Three 'golden rules' when considering whether an employee is disabled

Last month, we looked at when employer might be deemed to have knowledge of an employee’s disability, discussing (among other cases) the EAT’s decision Gallop v Newport County Council. At that time we noted that the appeal had already been heard in the Court of Appeal but judgment had been reserved. 

The Court of Appeal has this week handed down its decision, urging caution to employers tempted to simply rely on an Occupational Health report to argue that they did not know (and could not reasonably have been expected to know) about an employee’s disability. 

We look at the impact of this judgment, and consider three ‘golden rules’ for employers when seeking opinions on whether an employee is disabled.

Why do you need to know about an employee’s disability?

A duty to make reasonable adjustments in respect of a disabled employee will not arise if the employer does not know, and could not reasonably be expected to know:

  • that the individual is disabled, or
  • that he or she is likely to be placed at a substantial disadvantage because of that disability compared with non-disabled people

(paragraph 20, schedule 8 of the Equality Act 2010).
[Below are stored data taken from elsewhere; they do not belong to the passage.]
Lemma sum_n_m_abs_sub_le (u v : nat -> R) (e : R) (m : nat) :
  (forall i, (1 <= i <= m)%nat -> Rabs (u i - v i) <= e) ->
  Rabs (sum_n_m u 1 m - sum_n_m v 1 m) <= INR m * e.
Proof.
  induction m as [| m IH]; intros H.
  - rewrite !sum_n_m_zero by lia. unfold zero; simpl. rewrite Rminus_0_r, Rabs_R0. lra.
  - rewrite !sum_n_Sm, S_INR by lia. unfold plus; simpl.
    replace (sum_n_m u 1 m + u (S m) - (sum_n_m v 1 m + v (S m)))
      with ((sum_n_m u 1 m - sum_n_m v 1 m) + (u (S m) - v (S m))) by ring.
    eapply Rle_trans; [apply Rabs_triang |].
    specialize (IH (fun i Hi => H i ltac:(lia))). specialize (H (S m) ltac:(lia)). lra.
Qed.

Lemma sum_n_m_ge_const (u : nat -> R) (b : R) (m : nat) :
  (forall i, (1 <= i <= m)%nat -> b <= u i) -> INR m * b <= sum_n_m u 1 m.
Proof.
  induction m as [| m IH]; intros H.
  - rewrite sum_n_m_zero by lia. unfold zero; simpl. lra.
  - rewrite sum_n_Sm, S_INR by lia. unfold plus; simpl.
    specialize (IH (fun i Hi => H i ltac:(lia))). specialize (H (S m) ltac:(lia)). lra.
Qed.

Lemma uniform_bound_of_pointwise (n : nat) (P : R -> Prop) (Y : nat -> R -> R) :
  (forall j, (j <= n)%nat -> exists Mj, forall t, P t -> Rabs (Y j t) <= Mj) ->
  exists M, 0 <= M /\ forall j t, (j <= n)%nat -> P t -> Rabs (Y j t) <= M.
Proof.
  induction n as [| n IH]; intros H.
  - destruct (H O (le_n O)) as [M0 HM0]. exists (Rmax 0 M0). split; [apply Rmax_l |].
    intros j t Hj Ht. replace j with O by lia. eapply Rle_trans; [apply HM0; auto | apply Rmax_r].
  - destruct IH as [M [HM HMb]]; [intros j Hj; apply H; lia |].
    destruct (H (S n) (le_n _)) as [M' HM'].
    exists (Rmax M M'). split; [eapply Rle_trans; [apply HM | apply Rmax_l] |].
    intros j t Hj Ht. destruct (Nat.eq_dec j (S n)) as [-> | Hne].
    + eapply Rle_trans; [apply HM'; auto | apply Rmax_r].
    + eapply Rle_trans; [apply HMb; auto; lia | apply Rmax_l].
Qed.

Lemma continuous_sum_n_m (f : nat -> R -> R) (m : nat) (x : R) :
  (forall i, (1 <= i <= m)%nat -> continuous (f i) x) ->
  continuous (fun t => sum_n_m (fun i => f i t) 1 m) x.
Proof.
  induction m as [| m IH]; intros H.
  - apply (continuous_ext (fun _ => 0)); [| apply continuous_const].
    intros t. rewrite sum_n_m_zero by lia. reflexivity.
  - apply (continuous_ext (fun t => plus (sum_n_m (fun i => f i t) 1 m) (f (S m) t))).
    + intros t. rewrite sum_n_Sm by lia. reflexivity.
    + apply (continuous_plus (V := R_NormedModule));
        [apply IH; intros; apply H; lia | apply H; lia].
Qed.

Lemma nondecr_first_le (u : nat -> R) (n : nat) :
  (forall i, (1 <= i < n)%nat -> u i <= u (S i)) -> forall i, (1 <= i <= n)%nat -> u 1%nat <= u i.
Proof.
  intros H i. induction i as [| i IH]; intros Hi; [lia |].
  destruct (Nat.eq_dec i 0) as [-> | Hi0]; [lra |].
  specialize (IH ltac:(lia)). specialize (H i ltac:(lia)). lra.
Qed.

(** * Picard iteration *)

Section PicardLindelof.

Variables (N : nat) (F : nat -> (nat -> R) -> R) (y1 : nat -> R) (t1 d C L : R).

Definition near_y1 (y : nat -> R) : Prop :=
  forall i, (i <= N)%nat -> Rabs (y i - y1 i) <= 1.

Hypothesis F_bounded : forall j y, (j <= N)%nat -> near_y1 y -> Rabs (F j y) <= C.
Hypothesis F_lipschitz : forall j y z e, (j <= N)%nat -> near_y1 y -> near_y1 z ->
  (forall i, (i <= N)%nat -> Rabs (y i - z i) <= e) -> Rabs (F j y - F j z) <= L * e.
(* d C <= 1 keeps the iterates within distance 1 of y1; d L <= 1/2 makes the iteration
   a contraction with ratio 1/2. *)
Hypothesis d_pos : 0 < d.
Hypothesis d_C : d * C <= 1.
Hypothesis d_L : d * L <= / 2.

Definition clamp (t : R) : R := Rmax t1 (Rmin (t1 + d) t).

(* Clamping the upper limit makes every iterate a globally Lipschitz function of t. *)
Fixpoint picard_iter (m : nat) : nat -> R -> R :=
  match m with
  | O => fun j _ => y1 j
  | S m => fun j t => y1 j + RInt (fun s => F j (fun i => picard_iter m i s)) t1 (clamp t)
  end.

Definition picard_lim (j : nat) (t : R) : R := real (Lim_seq (fun m => picard_iter m j t)).

Lemma near_y1_y1 : near_y1 y1.
Proof. intros i _. rewrite Rminus_diag, Rabs_R0. lra. Qed.

Lemma C_nonneg : 0 <= C.
Proof. eapply Rle_trans; [apply Rabs_pos | apply (F_bounded O y1); auto using near_y1_y1; lia]. Qed.

Lemma L_nonneg : 0 <= L.
Proof.
  assert (H := F_lipschitz O y1 y1 1 (Nat.le_0_l N) near_y1_y1 near_y1_y1).
  rewrite Rminus_diag, Rabs_R0, Rmult_1_r in H. apply H.
  intros. rewrite Rminus_diag, Rabs_R0. lra.
Qed.

Lemma F_ext j y z : (j <= N)%nat -> near_y1 z -> (forall i, (i <= N)%nat -> y i = z i) ->
  F j y = F j z.
Proof.
  intros Hj Hz Hyz.
  assert (Hy : near_y1 y) by (intros i Hi; rewrite Hyz; auto).
  assert (H := F_lipschitz j y z 0 Hj Hy Hz).
  rewrite Rmult_0_r in H. apply Rminus_diag_uniq, Rabs_eq_0, Rle_antisym; [| apply Rabs_pos].
  apply H. intros i Hi. rewrite Hyz, Rminus_diag, Rabs_R0 by auto. lra.
Qed.

Lemma clamp_lipschitz t t' : Rabs (clamp t - clamp t') <= Rabs (t - t').
Proof. unfold clamp, Rmax, Rmin, Rabs. repeat destruct Rle_dec; repeat destruct Rcase_abs; lra. Qed.

Lemma clamp_range t : t1 <= clamp t <= t1 + d.
Proof. unfold clamp, Rmax, Rmin. repeat destruct Rle_dec; lra. Qed.

Lemma clamp_id t : t1 <= t <= t1 + d -> clamp t = t.
Proof. unfold clamp, Rmax, Rmin. repeat destruct Rle_dec; lra. Qed.

Lemma continuous_F_path (p : nat -> R -> R) (K : R) :
  (forall s, near_y1 (fun i => p i s)) ->
  (forall i s s', (i <= N)%nat -> Rabs (p i s - p i s') <= K * Rabs (s - s')) ->
  forall j x, (j <= N)%nat -> continuous (fun s => F j (fun i => p i s)) x.
Proof.
  intros Hnear Hlip j x Hj. apply (continuous_of_lipschitz _ (L * K)).
  intros s s'. rewrite Rmult_assoc. apply F_lipschitz; auto.
Qed.

Lemma picard_iter_near_lipschitz m :
  (forall t, near_y1 (fun i => picard_iter m i t)) /\
  (forall j t t', (j <= N)%nat ->
     Rabs (picard_iter m j t - picard_iter m j t') <= C * Rabs (t - t')).
Proof.
  pose proof C_nonneg.
  induction m as [| m [Hnear Hlip]]; simpl.
  - split; [intros; apply near_y1_y1 |].
    intros. rewrite Rminus_diag, Rabs_R0. apply Rmult_le_pos; auto using Rabs_pos.
  - set (g := fun j s => F j (fun i => picard_iter m i s)).
    assert (Hc : forall j x, (j <= N)%nat -> continuous (g j) x)
      by (apply (continuous_F_path _ C); auto).
    assert (Hb : forall j x, (j <= N)%nat -> Rabs (g j x) <= C) by (intros; apply F_bounded; auto).
    assert (Hex : forall j a b, (j <= N)%nat -> ex_RInt (g j) a b)
      by (intros; apply (ex_RInt_continuous (V := R_CompleteNormedModule)); auto).
    split.
    + intros t i Hi. rewrite Rplus_minus_l.
      pose proof (clamp_range t).
      eapply Rle_trans; [apply abs_RInt_le_const_abs; intros; [apply Hc | apply Hb]; auto |].
      rewrite Rabs_right by lra. nra.
    + intros j t t' Hj.
      change (Rabs (y1 j + RInt (g j) t1 (clamp t) - (y1 j + RInt (g j) t1 (clamp t')))
        <= C * Rabs (t - t')).
      rewrite <- (RInt_Chasles (g j) t1 (clamp t') (clamp t)) by auto. unfold plus; simpl.
      rewrite Rminus_plus_l_l, Rplus_minus_l.
      eapply Rle_trans; [apply abs_RInt_le_const_abs; intros; [apply Hc | apply Hb]; auto |].
      apply Rmult_le_compat_l; auto. apply clamp_lipschitz.
Qed.

Lemma picard_iter_near m t : near_y1 (fun i => picard_iter m i t).
Proof. apply picard_iter_near_lipschitz. Qed.

Lemma continuous_F_picard_iter m j x : (j <= N)%nat ->
  continuous (fun s => F j (fun i => picard_iter m i s)) x.
Proof.
  apply (continuous_F_path _ C); [apply picard_iter_near | apply picard_iter_near_lipschitz].
Qed.

Lemma picard_iter_succ_sub m j t : (j <= N)%nat ->
  Rabs (picard_iter (S m) j t - picard_iter m j t) <= (/ 2) ^ m.
Proof.
  revert j t. induction m as [| m IH]; intros j t Hj.
  - rewrite pow_O. exact (picard_iter_near 1 t j Hj).
  - set (g1 := fun s => F j (fun i => picard_iter (S m) i s)).
    set (g0 := fun s => F j (fun i => picard_iter m i s)).
    change (Rabs (y1 j + RInt g1 t1 (clamp t) - (y1 j + RInt g0 t1 (clamp t))) <= (/ 2) ^ S m).
    assert (Hsub : RInt (fun s => g1 s - g0 s) t1 (clamp t)
                   = RInt g1 t1 (clamp t) - RInt g0 t1 (clamp t))
      by (apply (RInt_minus (V := R_CompleteNormedModule));
          apply (ex_RInt_continuous (V := R_CompleteNormedModule));
          intros; apply continuous_F_picard_iter; auto).
    rewrite Rminus_plus_l_l, <- Hsub.
    eapply Rle_trans; [apply (abs_RInt_le_const_abs _ (L * (/ 2) ^ m)) |].
    + intros x. apply (continuous_minus (V := R_NormedModule));
        apply continuous_F_picard_iter; auto.
    + intros x. apply F_lipschitz; auto using picard_iter_near.
    + pose proof (clamp_range t). pose proof (pow_lt (/ 2) m ltac:(lra)).
      pose proof L_nonneg. pose proof d_L.
      assert (L * (/ 2) ^ m * (clamp t - t1) <= L * (/ 2) ^ m * d)
        by (apply Rmult_le_compat_l; [apply Rmult_le_pos |]; lra).
      rewrite Rabs_right by lra. simpl. nra.
Qed.


Lemma picard_iter_tail m p j t : (j <= N)%nat ->
  Rabs (picard_iter (m + p) j t - picard_iter m j t) <= 2 * ((/ 2) ^ m - (/ 2) ^ (m + p)).
Proof.
  intros Hj. induction p as [| p IH].
  - rewrite Nat.add_0_r, !Rminus_diag, Rabs_R0. lra.
  - rewrite Nat.add_succ_r.
    replace (picard_iter (S (m + p)) j t - picard_iter m j t)
      with ((picard_iter (S (m + p)) j t - picard_iter (m + p) j t)
            + (picard_iter (m + p) j t - picard_iter m j t)) by ring.
    eapply Rle_trans; [apply Rabs_triang |].
    pose proof (picard_iter_succ_sub (m + p) j t Hj). simpl pow. lra.
Qed.

Lemma is_lim_seq_picard_lim j t : (j <= N)%nat ->
  is_lim_seq (fun m => picard_iter m j t) (picard_lim j t).
Proof.
  intros Hj. apply Lim_seq_correct', ex_lim_seq_cauchy_corr. intros eps.
  destruct (pow_lt_1_zero (/ 2) ltac:(rewrite Rabs_right; lra) (eps / 2)) as [N0 HN0];
    [pose proof (cond_pos eps); lra |].
  assert (Hgeom : forall m, (N0 <= m)%nat -> 0 < (/ 2) ^ m < eps / 2).
  { intros m Hm. specialize (HN0 m Hm). rewrite Rabs_right in HN0 by (apply Rle_ge, pow_le; lra).
    split; [apply pow_lt |]; lra. }
  assert (Hle : forall a b, (N0 <= a <= b)%nat ->
                  Rabs (picard_iter b j t - picard_iter a j t) < eps).
  { intros a b Hab. replace b with (a + (b - a))%nat by lia.
    eapply Rle_lt_trans; [apply picard_iter_tail; auto |].
    pose proof (Hgeom a ltac:(lia)). pose proof (Hgeom (a + (b - a))%nat ltac:(lia)). lra. }
  exists N0. intros a b Ha Hb. destruct (Nat.le_ge_cases a b).
  - rewrite Rabs_minus_sym. apply Hle; lia.
  - apply Hle; lia.
Qed.

Lemma picard_lim_close m j t : (j <= N)%nat ->
  Rabs (picard_lim j t - picard_iter m j t) <= 2 * (/ 2) ^ m.
Proof.
  intros Hj. apply (is_lim_seq_abs_sub_le _ _ _ _ m (is_lim_seq_picard_lim j t Hj)).
  intros p Hp. replace p with (m + (p - m))%nat by lia.
  eapply Rle_trans; [apply picard_iter_tail; auto |].
  pose proof (pow_lt (/ 2) (m + (p - m)) ltac:(lra)). lra.
Qed.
‘Disability’ has a particular legal meaning under the Equality Act 2010: an individual will only be disabled if he suffers from a physical or mental impairment, and the impairment has a substantial and long-term adverse effect on his ability to carry out normal day-to-day activities. (Section 6(1), Equality Act 2010).

An employer who can successfully show that they did not know (and could not have been expected to know) about a disability will therefore be able to demonstrate that it was under no obligation to make any reasonable adjustments – a potentially powerful defence for employers in Tribunals.

How do you ‘know’ about a disability?

Such a defence will not necessarily be an easy one to prove, however. As we discussed in our previous blog, whether an employer knows (or could reasonably have been expected to know) that an employee is disabled is often a complicated and subtle issue, especially in the case of mental illness. 

Whether an employee is disabled for the purposes of the Equality Act 2010 is a question often asked of an occupational health provider (“OHP”). The issue which arose in the current case of Gallop v Newport County Council, is what the employer should do if the OHP report clearly states that the employee is not disabled? How far can an employer rely on such a statement?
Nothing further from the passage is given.